Finn ignored me; he shook his head. “It’s bad enough outside, but in jail you can never let your guard down. You pretend to feel nothing, you have to. You pretend it day and night, and then suddenly, it’s true. There’s nothing left inside.”
His memories moved so close to the surface I began to fear that Finn might now try to escape all that he had felt and forgotten: he might leap through the window to the street below, he might slowly become invisible, turning more transparent with each second, until I could look right through him.
“Please sit down,” I said. My voice sounded sharp, as if it might break or dissolve.
“I can’t,” Finn said. He closed his eyes for a second, but even that was too long a time for an outlaw who did not dare relax long enough to rest his blood. He opened his eyes wider and blinked, as if any minute, if he wasn’t terribly careful, he might fall under a spell. I went to the window, I touched his shoulder and tried to get him to turn to me.

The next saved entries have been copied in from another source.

(* Every Move-To-Front-Every-Other-Access algorithm (for any choice of initial bits) has competitive ratio at least $2.5$ (full cost model): for every such algorithm $A$, every $c<2.5$ and every constant $b$, there exist a list and a request sequence $\sigma$ with $A(\sigma)>c\cdot\mathrm{OPT}(\sigma)+b$.
   Context: Static list update: a list of distinct items in some initial order; serving a request to the item at position $i$ (from the front) costs $i$ (full cost model); the accessed item may be moved closer to the front for free (free exchange); two adjacent items may be swapped at cost $1$ (paid exchange). $A(\sigma)$ is the total cost of algorithm $A$ and $\mathrm{OPT}(\sigma)$ the minimum cost of any offline algorithm from the same initial list. A Move-To-Front-Every-Other-Access (MTF2) algorithm maintains one bit per item, with arbitrary initial values; on each request to an item $z$ it flips the bit of $z$, and if the bit becomes $0$ it moves $z$ to the front (free exchange), otherwise it leaves the list unchanged; it makes no paid exchanges. (MTFO is the case with all initial bits $1$, MTFE with all initial bits $0$.) *)

From mathcomp Require Import all_boot.
From Stdlib Require Import Reals.

Set Implicit Arguments.
Unset Strict Implicit.
Unset Printing Implicit Defensive.

(* Items are natural numbers; a list is a [seq nat] (front = head).
   The position of item x in list L (1-based) is [index x L + 1]. *)

(* Paid exchange: swap the items at (0-based) positions i and i+1
   (no-op if out of range; it is still charged cost 1). *)
Definition swap_adj (L : seq nat) (i : nat) : seq nat :=
  if i.+1 < size L then take i L ++ nth 0 L i.+1 :: nth 0 L i :: drop i.+2 L
  else L.

(* Move item x to (0-based) position j of the list (free exchange when
   j <= current position of x). *)
Definition move_to (x j : nat) (L : seq nat) : seq nat :=
  take j (rem x L) ++ x :: drop j (rem x L).

(* offline_cost L sigma k : some offline algorithm, starting from list L,
   serves sigma with total cost k.  Before each request it performs any
   sequence [sw] of paid adjacent exchanges (cost 1 each), then pays the
   position of the requested item, then may move that item to any position
   closer to the front for free. *)
Inductive offline_cost : seq nat -> seq nat -> nat -> Prop :=
| off_nil L : offline_cost L [::] 0
| off_cons L r s (sw : seq nat) (j : nat) k :
    let L1 := foldl swap_adj L sw in
    j <= index r L1 ->
    offline_cost (move_to r j L1) s k ->
    offline_cost L (r :: s) (size sw + (index r L1).+1 + k).

Definition is_OPT (L sigma : seq nat) (opt : nat) : Prop :=
  offline_cost L sigma opt /\ (forall k, offline_cost L sigma k -> opt <= k).

Definition mtf (x : nat) (L : seq nat) : seq nat := x :: rem x L.

Fixpoint mtf2_cost (bits : nat -> bool) (L sigma : seq nat) : nat :=
  match sigma with
  | [::] => 0
  | z :: s =>
      let nb := ~~ bits z in
      let bits' := fun y => if y == z then nb else bits y in
      let L' := if nb then L else mtf z L in
      (index z L).+1 + mtf2_cost bits' L' s
  end.

(* Fix n items whose initial bits all equal (infinitely many naturals share
   a bit value, so such items exist for any initial bit assignment).  For a
   list ys of these items, a phase consists of every item of ys requested
   three times in a row, last item first, followed by ys once in order.
   - If all bits are 0 and MTF2 holds the list ys, the triple requests cost
     2n+1 each and leave ys with all bits 1; the in-order pass then costs
     1+2+...+n and leaves rev ys with all bits 0.  A phase costs
     n(2n+1) + n(n+1)/2 = (5n^2+3n)/2 and the next phase starts on rev ys.
   - An offline algorithm holding rev ys moves each tripled item to the front
     on its first request, ending at ys; the in-order pass is then served
     without moves, back on list rev(rev ys).  A phase costs n^2+3n.
   After a prefix normalising the bits to 0, m phases give MTF2 at least
   m(5n^2+3n)/2 against OPT at most 4n^2 + m(n^2+3n), a ratio tending to 5/2
   as n grows and then m grows. *)

From mathcomp Require Import all_boot zify.
From Stdlib Require Import Reals Lra Classical.

Set Implicit Arguments.
Unset Strict Implicit.
Unset Printing Implicit Defensive.

Lemma rem_cat_cons (x : nat) (s1 s2 : seq nat) :
  x \notin s1 -> rem x (s1 ++ x :: s2) = s1 ++ s2.
Proof.
elim: s1 => [|y s1 IH] /=; first by rewrite eqxx.
by rewrite in_cons negb_or eq_sym => /andP[/negbTE -> /IH ->].
Qed.

Lemma index_cat_cons (x : nat) (s1 s2 : seq nat) :
  x \notin s1 -> index x (s1 ++ x :: s2) = size s1.
Proof. by move=> x_s1; rewrite index_cat (negbTE x_s1) index_head addn0. Qed.

Lemma mtf_cat_cons (x : nat) (s1 s2 : seq nat) :
  x \notin s1 -> mtf x (s1 ++ x :: s2) = x :: s1 ++ s2.
Proof. by move=> x_s1; rewrite /mtf rem_cat_cons. Qed.

Lemma index_rcons_new (x : nat) (X : seq nat) : x \notin X -> index x (rcons X x) = size X.
Proof. by move=> xX; rewrite -cats1 index_cat_cons. Qed.

Lemma mtf_rcons_new (x : nat) (X : seq nat) : x \notin X -> mtf x (rcons X x) = x :: X.
Proof. by move=> xX; rewrite -cats1 mtf_cat_cons ?cats0. Qed.

Lemma move_to_front (x : nat) (L : seq nat) : move_to x 0 L = mtf x L.
Proof. by rewrite /move_to take0 drop0. Qed.

Lemma move_to_index (x : nat) (L : seq nat) :
  x \in L -> move_to x (index x L) L = L.
Proof.
move=> xL; rewrite /move_to remE.
have size_take_i : size (take (index x L) L) = index x L.
  by rewrite size_take index_mem xL.
rewrite take_size_cat // drop_size_cat //.
by rewrite -[in RHS](cat_take_drop (index x L) L) (drop_nth x) ?index_mem ?nth_index.
Qed.

(* sum_from q r = (q+1) + (q+2) + ... + (q+r): the cost of requesting, in
   order, r items standing at positions q+1, ..., q+r. *)
Fixpoint sum_from (q r : nat) : nat :=
  if r is r'.+1 then q.+1 + sum_from q.+1 r' else 0.

Lemma sum_from_closed (q r : nat) : 2 * sum_from q r = 2 * q * r + r * r + r.
Proof. by elim: r q => [|r IH] q /=; rewrite ?mulnDr ?IH; lia. Qed.

Definition triples (U : seq nat) : seq nat :=
  flatten [seq [:: y; y; y] | y <- rev U].

Lemma triples_rcons (U : seq nat) (y : nat) :
  triples (rcons U y) = [:: y; y; y] ++ triples U.
Proof. by rewrite /triples rev_rcons. Qed.

Lemma size_triples (U : seq nat) : size (triples U) = 3 * size U.
Proof.
elim/last_ind: U => [|U y IH] //.
by rewrite triples_rcons size_cat IH size_rcons mulnS.
Qed.

Lemma mem_triples (U : seq nat) : {subset triples U <= U}.
Proof.
elim/last_ind: U => [|U y IH] x //; rewrite triples_rcons mem_rcons.
by rewrite !in_cons => /or4P[-> | -> | -> | /IH ->]; rewrite ?orbT.
Qed.

Definition phase (ys : seq nat) : seq nat := triples ys ++ ys.

Fixpoint phases (m : nat) (ys : seq nat) : seq nat :=
  if m is m'.+1 then phase ys ++ phases m' (rev ys) else [::].

Lemma mem_phases (m : nat) (ys : seq nat) : {subset phases m ys <= ys}.
Proof.
elim: m ys => [|m IH] ys x //=.
rewrite /phase !mem_cat => /orP[/orP[/mem_triples // | //] | /IH].
by rewrite mem_rev.
Qed.

Definition flip_bit (b : nat -> bool) (z : nat) : nat -> bool :=
  fun y => if y == z then ~~ b z else b y.

Lemma flip_bit_self (b : nat -> bool) (z : nat) : flip_bit b z z = ~~ b z.
Proof. by rewrite /flip_bit eqxx. Qed.

Lemma flip_bit_notin (b : nat -> bool) (z : nat) (X : seq nat) (v : bool) :
  z \notin X -> {in X, forall y, b y = v} -> {in X, forall y, flip_bit b z y = v}.
Proof.
move=> zX bX y yX; rewrite /flip_bit ifN ?bX //.
by apply: contraNneq zX => <-.
Qed.

Lemma flip_bit_cons (b : nat -> bool) (z : nat) (X : seq nat) (v : bool) :
  z \notin X -> ~~ b z = v -> {in X, forall y, b y = v} ->
  {in z :: X, forall y, flip_bit b z y = v}.
Proof.
move=> zX bz bX y; rewrite in_cons => /orP[/eqP -> | yX].
  by rewrite flip_bit_self.
exact: flip_bit_notin zX bX y yX.
Qed.

Lemma mtf2_cost_cons (b : nat -> bool) (L : seq nat) (z : nat) (s : seq nat) :
  mtf2_cost b L (z :: s) =
  (index z L).+1 + mtf2_cost (flip_bit b z) (if b z then mtf z L else L) s.
Proof. by rewrite /= /flip_bit; case: (b z). Qed.

(* MTF2 on the triple requests: from P ++ U, bits 1 on P and 0 on U, each
   tripled item is at the back, pays 2|P++U|+1 and ends at the front with
   bit 1; the list becomes U ++ P with all bits 1. *)
Lemma mtf2_triples (U P : seq nat) (b : nat -> bool) (s : seq nat) :
  uniq (P ++ U) -> {in P, forall z, b z = true} -> {in U, forall z, b z = false} ->
  exists b' : nat -> bool, {in U ++ P, forall z, b' z = true} /\
    mtf2_cost b (P ++ U) (triples U ++ s) =
    size U * (2 * size (P ++ U)).+1 + mtf2_cost b' (U ++ P) s.
Proof.
elim/last_ind: U P b => [|U y IH] P b uniq_PU bP bU; first by exists b; rewrite cats0.
move: uniq_PU; rewrite -rcons_cat rcons_uniq mem_cat negb_or => /andP[/andP[yP yU] uniq_PU].
have by0 : b y = false by apply: bU; rewrite mem_rcons mem_head.
have bU' : {in U, forall z, b z = false}.
  by move=> z zU; apply: bU; rewrite mem_rcons in_cons zU orbT.
set b3 := flip_bit (flip_bit (flip_bit b y) y) y.
have b3P : {in y :: P, forall z, b3 z = true}.
  apply: flip_bit_cons => //; first by rewrite !flip_bit_self by0.
  by do 2!apply: flip_bit_notin => //.
have b3U : {in U, forall z, b3 z = false} by do 3!apply: flip_bit_notin => //.
have uniq_yPU : uniq ((y :: P) ++ U) by rewrite /= mem_cat negb_or yP yU.
have [b' [b'UP E]] := IH (y :: P) b3 uniq_yPU b3P b3U.
exists b'; split; first by rewrite cat_rcons.
have PUy : y \notin P ++ U by rewrite mem_cat negb_or yP yU.
rewrite triples_rcons -catA !mtf2_cost_cons !flip_bit_self by0 /=.
rewrite index_rcons_new // mtf_rcons_new //= eqxx -cat_cons E.
rewrite cat_rcons !size_cat !size_rcons size_cat /=; lia.
Qed.

(* MTF2 on in-order requests to R from rev Q ++ R, bits 0 on Q and 1 on R:
   each item pays its position |Q|+1, |Q|+2, ... and moves to the front. *)
Lemma mtf2_in_order (R Q : seq nat) (b : nat -> bool) (s : seq nat) :
  uniq (Q ++ R) -> {in Q, forall z, b z = false} -> {in R, forall z, b z = true} ->
  exists b' : nat -> bool, {in Q ++ R, forall z, b' z = false} /\
    mtf2_cost b (rev Q ++ R) (R ++ s) =
    sum_from (size Q) (size R) + mtf2_cost b' (rev (Q ++ R)) s.
Proof.
elim: R Q b => [|y R IH] Q b uniq_QR bQ bR; first by exists b; rewrite !cats0.
have uniq_QyR : uniq (rcons Q y ++ R) by rewrite cat_rcons.
move: (uniq_QyR); rewrite cat_uniq rcons_uniq => /and3P[/andP[yQ _] _ _].
have yR : y \notin R by move: uniq_QR; rewrite cat_uniq /= => /and4P[_ _ + _].
have by1 : b y = true by apply: bR; rewrite mem_head.
have b1Q : {in rcons Q y, forall z, flip_bit b y z = false}.
  move=> z; rewrite mem_rcons; apply: flip_bit_cons => //; by rewrite by1.
have b1R : {in R, forall z, flip_bit b y z = true}.
  by apply: flip_bit_notin => // z zR; apply: bR; rewrite in_cons zR orbT.
have [b' [b'QR E]] := IH (rcons Q y) (flip_bit b y) uniq_QyR b1Q b1R.
exists b'; split; first by rewrite -cat_rcons.
rewrite cat_cons mtf2_cost_cons by1 index_cat_cons ?mem_rev // mtf_cat_cons ?mem_rev //.
by rewrite -cat_cons -rev_rcons E cat_rcons size_rev size_rcons addnA.
Qed.

Definition mtf2_phase_cost (n : nat) : nat := n * (2 * n).+1 + sum_from 0 n.

Lemma mtf2_phases (m : nat) (ys : seq nat) (b : nat -> bool) :
  uniq ys -> {in ys, forall z, b z = false} ->
  mtf2_cost b ys (phases m ys) = m * mtf2_phase_cost (size ys).
Proof.
elim: m ys b => [|m IH] ys b uniq_ys bys //=.
rewrite /phase -catA.
have [b1 [b1ys E1]] := @mtf2_triples ys [::] b (ys ++ phases m (rev ys)) uniq_ys
  ltac:(by []) bys.
rewrite cats0 in b1ys E1; rewrite E1.
have [b2 [b2ys E2]] := @mtf2_in_order ys [::] b1 (phases m (rev ys)) uniq_ys
  ltac:(by []) b1ys.
rewrite E2 IH ?rev_uniq //; last by move=> z; rewrite mem_rev; exact: b2ys.
by rewrite size_rev /mtf2_phase_cost mulSn addnA.
Qed.

Lemma offline_serve (L : seq nat) (r : nat) (s : seq nat) (j k : nat) :
  j <= index r L -> offline_cost (move_to r j L) s k ->
  offline_cost L (r :: s) ((index r L).+1 + k).
Proof. by move=> jr off; have := @off_cons L r s [::] j k jr off. Qed.

Lemma offline_static (sg L s : seq nat) (k : nat) :
  {subset sg <= L} -> offline_cost L s k ->
  exists k0, k0 <= size L * size sg /\ offline_cost L (sg ++ s) (k0 + k).
Proof.
elim: sg => [|r sg IH] sgL off; first by exists 0.
have rL : r \in L by apply: sgL; rewrite mem_head.
have sgL' : {subset sg <= L} by move=> x xsg; apply: sgL; rewrite in_cons xsg orbT.
have [k0 [k0_le off0]] := IH sgL' off.
exists ((index r L).+1 + k0); split.
  by rewrite mulnS leq_add // index_mem.
rewrite -addnA; apply: (offline_serve (j := index r L)) => //.
by rewrite move_to_index.
Qed.

Lemma offline_in_order (R A s : seq nat) (k : nat) :
  uniq (A ++ R) -> offline_cost (A ++ R) s k ->
  offline_cost (A ++ R) (R ++ s) (sum_from (size A) (size R) + k).
Proof.
elim: R A => [|y R IH] A uniq_AR off //.
have yA : y \notin A.
  by move: uniq_AR; rewrite -cat_rcons cat_uniq rcons_uniq => /and3P[/andP[]].
have := IH (rcons A y); rewrite !cat_rcons size_rcons => /(_ uniq_AR off) off'.
rewrite /= -addnA -{1}(index_cat_cons R yA).
apply: (offline_serve (j := index y (A ++ y :: R))) => //.
by rewrite move_to_index // mem_cat mem_head orbT.
Qed.

(* The offline strategy on triple requests: the tripled item, at position
   |P|+1 of P ++ rev U, is moved to the front and then costs 1 twice. *)
Lemma offline_triples (U P s : seq nat) (k : nat) :
  uniq (P ++ U) -> offline_cost (U ++ P) s k ->
  offline_cost (P ++ rev U) (triples U ++ s) (sum_from (size P).+2 (size U) + k).
Proof.
elim/last_ind: U P => [|U y IH] P uniq_PU off; first by rewrite cats0.
move: uniq_PU; rewrite -rcons_cat rcons_uniq mem_cat negb_or => /andP[/andP[yP yU] uniq_PU].
have uniq_yPU : uniq ((y :: P) ++ U) by rewrite /= mem_cat negb_or yP yU.
have := IH (y :: P); rewrite cat_rcons in off => /(_ uniq_yPU off) off'.
have mtf_head (X : seq nat) : move_to y 0 (y :: X) = y :: X.
  by rewrite move_to_front /mtf /= eqxx.
set yPU := (y :: P) ++ rev U.
have -> : sum_from (size P).+2 (size (rcons U y)) + k =
    (index y (P ++ y :: rev U)).+1 + ((index y yPU).+1 +
      ((index y yPU).+1 + (sum_from (size (y :: P)).+2 (size U) + k))).
  by rewrite index_cat_cons // /yPU /= eqxx size_rcons /=; lia.
rewrite triples_rcons rev_rcons.
apply: (offline_serve (j := 0)) => //; rewrite move_to_front mtf_cat_cons //.
apply: (offline_serve (j := 0)) => //; rewrite mtf_head.
by apply: (offline_serve (j := 0)) => //; rewrite mtf_head.
Qed.
(* Let $R$ be a commutative ring, let $I$ be a 2-absorbing ideal of $R$, let $J$ be an ideal of $R$, and let $x,y\in R$ satisfy $xyJ\subseteq I$. Then $xy\in I$ or $xJ\subseteq I$ or $yJ\subseteq I$.
   Context: All rings are commutative with identity $1\neq 0$. An ideal $I$ of $R$ is 2-absorbing if whenever $a,b,c\in R$ and $abc\in I$, then $ab\in I$ or $ac\in I$ or $bc\in I$. *)

From mathcomp Require Import all_boot all_algebra.
Set Implicit Arguments. Unset Strict Implicit. Unset Printing Implicit Defensive.
Import GRing.Theory.
Local Open Scope ring_scope.

Definition is_ideal (R : comNzRingType) (I : R -> Prop) : Prop :=
  [/\ I 0,
      (forall a b, I a -> I b -> I (a + b)),
      (forall a, I a -> I (- a)) &
      (forall r a, I a -> I (r * a))].

Definition two_absorbing (R : comNzRingType) (I : R -> Prop) : Prop :=
  is_ideal I /\
  forall a b c : R, I (a * b * c) -> [\/ I (a * b), I (a * c) | I (b * c)].

(* If neither [xJ] nor [yJ] lies in [I] and [xy] is not in [I], pick [a, b] in [J]
   with [xa, yb] outside [I].  Two-absorption applied to [xya] and [xyb] forces
   [ya, xb] into [I]; applied to [xy(a + b)] it forces [x(a + b)] or [y(a + b)]
   into [I], whence [xa] or [yb] is in [I] after subtracting [xb] or [ya]. *)

From Stdlib Require Import Classical.
From mathcomp Require Import all_boot all_algebra.
Local Open Scope ring_scope.
Import GRing.Theory.

Section TwoAbsorbing.

Variables (R : comNzRingType) (I : R -> Prop).

Lemma ideal_subr : is_ideal I -> forall u v, I u -> I v -> I (u - v).
Proof. by case=> _ ID IN _ u v Iu Iv; apply: ID => //; apply: IN. Qed.

Lemma ideal_addr_cancel : is_ideal I -> forall u v, I (u + v) -> I v -> I u.
Proof. by move=> idI u v Iuv Iv; have := ideal_subr idI _ _ Iuv Iv; rewrite addrK. Qed.

Hypothesis absI : two_absorbing I.

Lemma two_absorbing_cancel x y j :
  I (x * y * j) -> ~ I (x * y) -> ~ I (x * j) -> I (y * j).
Proof. by move=> Ixyj nxy nxj; case: absI => _ /(_ _ _ _ Ixyj) []. Qed.

Lemma two_absorbing_sum_contra (J : R -> Prop) x y a b :
  is_ideal J -> (forall j, J j -> I (x * y * j)) -> ~ I (x * y) ->
  J a -> J b -> ~ I (x * a) -> ~ I (y * b) -> False.
Proof.
case: absI => idI _ [_ JD _ _] IxyJ nxy Ja Jb nxa nyb.
have Iya : I (y * a) by exact: two_absorbing_cancel (IxyJ _ Ja) nxy nxa.
have Ixb : I (x * b).
  apply: (two_absorbing_cancel y x b) nyb; last by rewrite mulrC.
  by rewrite [y * x]mulrC; exact: IxyJ.
have Ixyab := IxyJ _ (JD _ _ Ja Jb).
have [Ixab | Iyab] : I (x * (a + b)) \/ I (y * (a + b)).
  case: (classic (I (x * (a + b)))) => [|nxab]; first by left.
  by right; exact: two_absorbing_cancel Ixyab nxy nxab.
- by apply: nxa; apply: (ideal_addr_cancel idI _ (x * b)); rewrite // -mulrDr.
- by apply: nyb; apply: (ideal_addr_cancel idI _ (y * a)); rewrite // addrC -mulrDr.
Qed.

End TwoAbsorbing.

Arguments two_absorbing_sum_contra {R I} absI {J x y a b}.

Theorem lemma2 (R : comNzRingType) (I J : R -> Prop) (x y : R) :
  two_absorbing I -> is_ideal J ->
  (forall j, J j -> I (x * y * j)) ->
  [\/ I (x * y), (forall j, J j -> I (x * j)) | (forall j, J j -> I (y * j))].
Proof.
move=> absI idJ IxyJ.
case: (classic (I (x * y))) => [|nxy]; first by constructor 1.
case: (classic (forall j, J j -> I (x * j))) => [|nxJ]; first by constructor 2.
case: (classic (forall j, J j -> I (y * j))) => [|nyJ]; first by constructor 3.
have [a /(imply_to_and (J a)) [Ja nxa]] := not_all_ex_not _ _ nxJ.
have [b /(imply_to_and (J b)) [Jb nyb]] := not_all_ex_not _ _ nyJ.
by exfalso; apply: (two_absorbing_sum_contra absI idJ IxyJ nxy Ja Jb).
Qed.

“You were once in jail and there’s still something left inside you,” I said. “You didn’t lose everything.”
“It will be worse this time,” Finn said.
“What happened to you?” I asked. “What did you lose?”
Finn shook his head. “You’ll never be able to see the things I tell you; you’ll never understand. It could never be the way it was. It will only be a memory. That’s all it will seem like, but it’s not,” Finn whispered. “It’s still with me.”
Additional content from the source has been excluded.